Fluorescence in situ hybridisation (FISH)
Fluor 488-labelled circPRKAR1B probes as well as Fluor 555-labelled miR-361-3p probe were obtained from RiboBio. FISH analysis was determined with a FISH Kit (RiboBio) in terms of the manufacturer’s instructions. DAPI stained the cell nuclei. Images were further acquired from a fluorescence microscope (Olympus, Tokyo, Japan).
Dual-luciferase reporter assay
Dual-luciferase came from Hanbio. 293 T cells were cotransfected with plasmid mixtures with or without the miR-361-3p mimics or negative control (NC) mimics with Lipofectamine RNAiMAX (Invitrogen) and cultured for 24 h. The activities of luciferase were measured following the manufacturer’s protocol.
RNA immunoprecipitation (RIP)
RIP experiments were used to clarify whether circPRKAR1B bound to Ago2 and circPRKAR1B flanking sequence bound to EIF4A3. As our previous research reported [24], the Magna RIP RNA-Binding Protein Immunoprecipitation Kit (Millipore, Bedford, MA) was applied to RIP experiments.
Antibodies
N-cadherin (abcam, ab76011) E-cadherin (CST, 3195), EIF4A3 (abcam, ab32485) Vimentin (huabio, M1412-1), FZD4 (abcolonal, A15113, A8161), β-Catenin (CST, #8480) Cyclin D1(CST, 55506), c-Myc (CST, 18583).
Pull-down assay
Biotinylated-circPRKAR1B probe and antisense circPRKAR1B flanking RNA sequences came from RibiBio. The detailed steps are described in the previous research [25]. Silver staining together with WB confirmed the eluted proteins.
Statistical analysis
SPSS 19.0 (SPSS, Chicago) served for data analyses. All quantitative data are in the form of mean ± SD. The two-tailed Student’s t test or one-way ANOVA followed by Tukey’s post hoc analyses helped to analyse the statistical significance, unless noted otherwise. P values < 0.05 exhibited statistical significance.
Results
circPRKAR1B is overexpressed in OS tissues and cell lines
CircPRKAR1B level was firstly determined in the tissues and cells of OS. In terms of the circPRKAR1B content, RT-qPCR results indicated that multiple OS cell lines (MG63, SAOS, HOS, 143B and U2OS), especially 143B and HOS cells, obtained a much higher value than the HFOB1.19 (Fig. 1A). CircPRKAR1B was upregulated in OS tissues compared with chondroma tissues (Fig. 1B). A notable increase in circPRKAR1B expression was detected in OS tissues by fluorescence in situ hybridisation (FISH) staining using a specific circPRKAR1B probe indicated (Fig. 1C). By comparing the sequences of PRKAR1B mRNA and circPRKAR1B, we found that circPRKAR1B is looped and contains exons 5 to 9 of its parental gene. Furthermore, Sanger sequencing assisted in verifying the head-to-tail splicing structure (Fig. 1D). Meanwhile, we designed convergent and divergent primers for amplifying PRKAR1B mRNA and circPRKAR1B. Electrophoresis was used to detect cDNA and genomic DNA (gDNA) in HOS and 143B cells. CircPRKAR1B was amplified by divergent primers from cDNA, but not gDNA (Fig. 1E). In contrast, PRKAR1B mRNA was only amplified by convergent primers and could be detected in cDNA as well as gDNA. To test the stability of circRNA, we performed an RNase R assay and RT-qPCR. CircPRKAR1B exhibited a remarkable resistance to RNase R digestion (Fig. 1F) and Actinomycin D treatment (Fig. 1G). RNA FISH and RT-qPCR analysis revealed that circPRKAR1B was mainly localised in the cytoplasm (Fig. 1H, I). Taken together, these results revealed that circPRKAR1B is upregulated in OS and, thus, may contribute to OS progression.

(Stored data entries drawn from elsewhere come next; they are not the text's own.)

(* In the FAVANO process, assume each $\nabla f_i$ is $L$-Lipschitz and the stochastic gradients have bounded variance $\sigma^2$, and assume $\eta<\frac{1}{4LK^2}$. Then for every client $i$, every time step $t\ge0$ and every local step $q\in\{1,\dots,K\}$, $$\mathbb{E}\|h^i_{t+1,q}\|^2\le B^i_t:=\frac{\sigma^2}{K^2}+16L^2\,\mathbb{E}\|w^i_t-\mu_t\|^2+8\,\mathbb{E}\|\nabla f_i(\mu_t)\|^2 .$$
   Context: FAVANO process. Fix integers $n\ge1$, $1\le s\le n$, $K\ge1$, $d\ge1$, a step size $\eta>0$ and differentiable $f_1,\dots,f_n:\mathbb{R}^d\to\mathbb{R}$, $f=\frac1n\sum_i f_i$. All random variables live on one probability space. For each client $i$ a stochastic gradient oracle returns, at a query point $x$, $\widetilde g^i(x)=\nabla f_i(x)+\xi$ where, conditionally on everything generated before the query (including $x$), $\xi$ has mean zero (each query uses fresh noise). Initialize $w_0\in\mathbb{R}^d$ deterministic and $w_0^i=w_0$ for all $i$. For each $t\ge1$, each client $i$ and each $q\ge1$ define recursively $\widetilde h^i_{t,q}=\widetilde g^i\big(w^i_{t-1}-\eta\sum_{r=1}^{q-1}\widetilde h^i_{t,r}\big)$ and $h^i_{t,q}=\nabla f_i\big(w^i_{t-1}-\eta\sum_{r=1}^{q-1}\widetilde h^i_{t,r}\big)$. At each $t\ge1$ there are random integers $E^1_t,\dots,E^n_t\ge0$ with $\mathbf{P}(E^i_t>0)>0$, and a random subset $\mathcal{S}_t\subseteq\{1,\dots,n\}$ uniformly distributed among subsets of size $s$; the family $(\mathcal S_t,E^1_t,\dots,E^n_t)$ is independent of all the other randomness (the past up to time $t-1$ and all $\widetilde h^i_{t,q}$), and $\mathcal S_t$ is independent of $(E^i_t)_i$. The weight $\alpha^i_t$ is either $\mathbf{P}(E^i_t>0)\,(E^i_t\wedge K)$ (stochastic version) or $\mathbb{E}[E^i_t\wedge K]$ (deterministic version), where $a\wedge b=\min(a,b)$. Set $\check h^i_t=\frac{1}{\alpha^i_t}\sum_{q=1}^{E^i_t\wedge K}\widetilde h^i_{t,q}$ if $E^i_t>0$ and $\check h^i_t=0$ otherwise. Updates: $w_t=\frac{1}{s+1}\big(w_{t-1}+\sum_{i\in\mathcal S_t}(w^i_{t-1}-\eta\check h^i_t)\big)$; $w^i_t=w_t$ for $i\in\mathcal S_t$ and $w^i_t=w^i_{t-1}$ for $i\notin\mathcal S_t$. Define $\mu_t=\frac{1}{n+1}\big(w_t+\sum_{i=1}^n w^i_t\big)$. All expectations appearing are assumed finite. Smoothness: $\|\nabla f_i(x)-\nabla f_i(y)\|\le L\|x-y\|$ for all $i,x,y$, with $L>0$. Bounded variance: conditionally on everything generated before a query at $x$, $\mathbb{E}\|\widetilde g^i(x)-\nabla f_i(x)\|^2\le\sigma^2$. *)

From HB Require Import structures.
From mathcomp Require Import all_boot all_order all_algebra.
From mathcomp Require Import all_classical all_reals all_analysis.
Set Implicit Arguments. Unset Strict Implicit. Unset Printing Implicit Defensive.
Import Order.TTheory GRing.Theory Num.Theory.
Import numFieldNormedType.Exports.
Local Open Scope classical_set_scope.
Local Open Scope ring_scope.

EIF4A3 promotes circPRKAR1B expression
We used circinteractome tool to predict the regulators of circPRK1R1B and found EIF4A3 could bind to the downstream of circPRK1R1B. We then performed RNA pull-down assay of circPRKAR1B flanking sequence and confirmed that EIF4A3 was the most enriched protein at circPRKAR1B flanking sequences (Fig. 1J). We then used circinteractome tool to predict the binding regions of cirPRKAR1B and EIF4A3 (Fig. S1). We truncated the full-length, upstream and downstream of circPRKAR1B into four segments (a–d). In line with the prediction, RNA immunoprecipitation (RIP) assays (Fig. 1K) indicated that EIF4A3 binds to one downstream flanking sequence (named d) but not the upstream site or other sites (a–c). Knockdown of EIF4A3 inhibited the biogenesis of circPRKAR1B in HOS and 143B cell lines, while mPRKAR1B did not exhibit markedly changes (Fig. 1L). Cumulatively, EIF4A3 promotes the expression of circPRKAR1B by binding to its downstream flanking sequences.

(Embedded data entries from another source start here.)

Lemma G_to_F0 : is_lim G p_infty F0.
Proof.
  pose proof Q_to_0 as HQ.
  assert (H : is_lim (fun t => F0 + c1 * Q t - a * (Q t * Q t)) p_infty
                (F0 + c1 * 0 - a * (0 * 0))).
  { apply is_lim_minus'; [apply is_lim_plus' |].
    - apply is_lim_const.
    - apply is_lim_mult_R; [apply is_lim_const | exact HQ].
    - apply is_lim_mult_R; [apply is_lim_const | now apply is_lim_mult_R]. }
  replace (F0 + c1 * 0 - a * (0 * 0)) with F0 in H by ring.
  revert H; apply is_lim_ext; intros t; unfold G; ring.
Qed.

Lemma bW_div_t_to_F0 : is_lim (fun t => b * W t / t) p_infty F0.
Proof.
  assert (HZ : is_lim (fun t => (Q t + b * W t) / t) p_infty F0).
  { apply is_lim_div_id_of_Derive; [intros t; auto_derive; auto |].
    apply (is_lim_ext G); [intros t; symmetry | exact G_to_F0].
    apply is_derive_unique; auto_derive; [auto |].
    rewrite Derive_Q, Derive_W; unfold G; ring. }
  pose proof (is_lim_minus' _ _ _ _ _ HZ (is_lim_mult_R _ _ _ _ _ Q_to_0 is_lim_inv_id))
    as H.
  replace (F0 - 0 * 0) with F0 in H by ring.
  revert H; apply is_lim_ext_loc; apply (at_top_of_ge 1); intros t Ht.
  field; lra.
Qed.

Lemma bW_to_infty : is_lim (fun t => b * W t) p_infty p_infty.
Proof.
  apply is_lim_p_infty_p_infty_intro; intros M.
  generalize (is_lim_p_infty_p_infty_elim _ W_to_infty (M / b)); apply filter_imp.
  intros t Ht; replace M with (b * (M / b)) by (field; lra).
  apply Rmult_le_compat_l; lra.
Qed.

(* [z = t Q - 1] satisfies [z' + b W z = Q + t G - b W], which is [o(b W)]
   because [b W ~ F0 t]. *)
Lemma tQ_to_1 : is_lim (fun t => t * Q t) p_infty 1.
Proof.
  set (z := fun t => t * Q t - 1).
  assert (Hz : forall t, is_derive z t (Q t + t * (G t - b * W t * Q t))).
  { intros t; unfold z; auto_derive; [auto |]; rewrite Derive_Q; unfold G; ring. }
  assert (Hlim : is_lim (fun t => Q t * / (b * W t) + (G t - b * W t / t) * / (b * W t / t))
                   p_infty (0 * 0 + (F0 - F0) * / F0)).
  { apply is_lim_plus'; apply is_lim_mult_R.
    - exact Q_to_0.
    - exact (is_lim_inv_p_infty _ bW_to_infty).
    - exact (is_lim_minus' _ _ _ _ _ G_to_F0 bW_div_t_to_F0).
    - apply is_lim_inv_R; [lra | exact bW_div_t_to_F0]. }
  replace (0 * 0 + (F0 - F0) * / F0) with 0 in Hlim by (field; lra).
  enough (Hz0 : is_lim z p_infty 0).
  { pose proof (is_lim_plus' _ _ _ _ _ Hz0 (is_lim_const 1 p_infty)) as H.
    replace (0 + 1) with 1 in H by ring.
    revert H; apply is_lim_ext; intros t; unfold z; ring. }
  apply (is_lim_0_of_damped z (fun t => b * W t)).
  - intros t; eexists; apply Hz.
  - exact bW_to_infty.
  - revert Hlim; apply is_lim_ext_loc, (at_top_of_ge 1); intros t Ht.
    rewrite (is_derive_unique _ _ _ (Hz t)); unfold z.
    pose proof (W_pos t); field; lra.
Qed.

The role of circPRKAR1B in the proliferation of OS cells and their adoption of an EMT-like phenotype
Two circPRKAR1B siRNAs were used to stably silence circPRKAR1B expression and assess the function of circPRKAR1B in OS. CircPRKAR1B was knocked down by siRNAs, but the level of PRKAR1B mRNA was not affected (Fig. 2A). In addition, cell viability was further evaluated by the CCK-8 and EdU assays (Fig. 2B, C), which indicated that circPRKAR1B knockdown impaired proliferation. Similarly, migration ability was decreased by depletion of circPRKAR1B (Fig. 2D), which was also tested by the wound-healing assay (Fig. 2E).
It is well known that mesenchymal migration of OS cells regulated by EMT is a key process in regulating metastasis of OS. Given circPRKAR1B modulation affects migration of OS cells, we explore whether circPRKAR1B could regulate EMT by detecting N-cadherin, E-cadherin and vimentin. As expected, OS cells transfected with shRNA displayed a pronounced decrease in the expression of the mesenchymal markers N-cadherin and vimentin and increased expression of the epithelial marker E-cadherin (Fig. 2F). Silencing of circPRKAR1B also significantly impaired the colony-forming ability of OS cells (Fig. 2G). The soft agar assay results also showed that the colony-forming ability of OS cells was inhibited upon circPRKAR1B knockdown (Fig. 2H). Knockdown of circPRKAR1B induced apoptosis of OS cells (Fig. 2I). Hence, these results prove that circPRKAR1B plays roles in the proliferation of OS cells and their adoption of an EMT-like phenotype in vitro.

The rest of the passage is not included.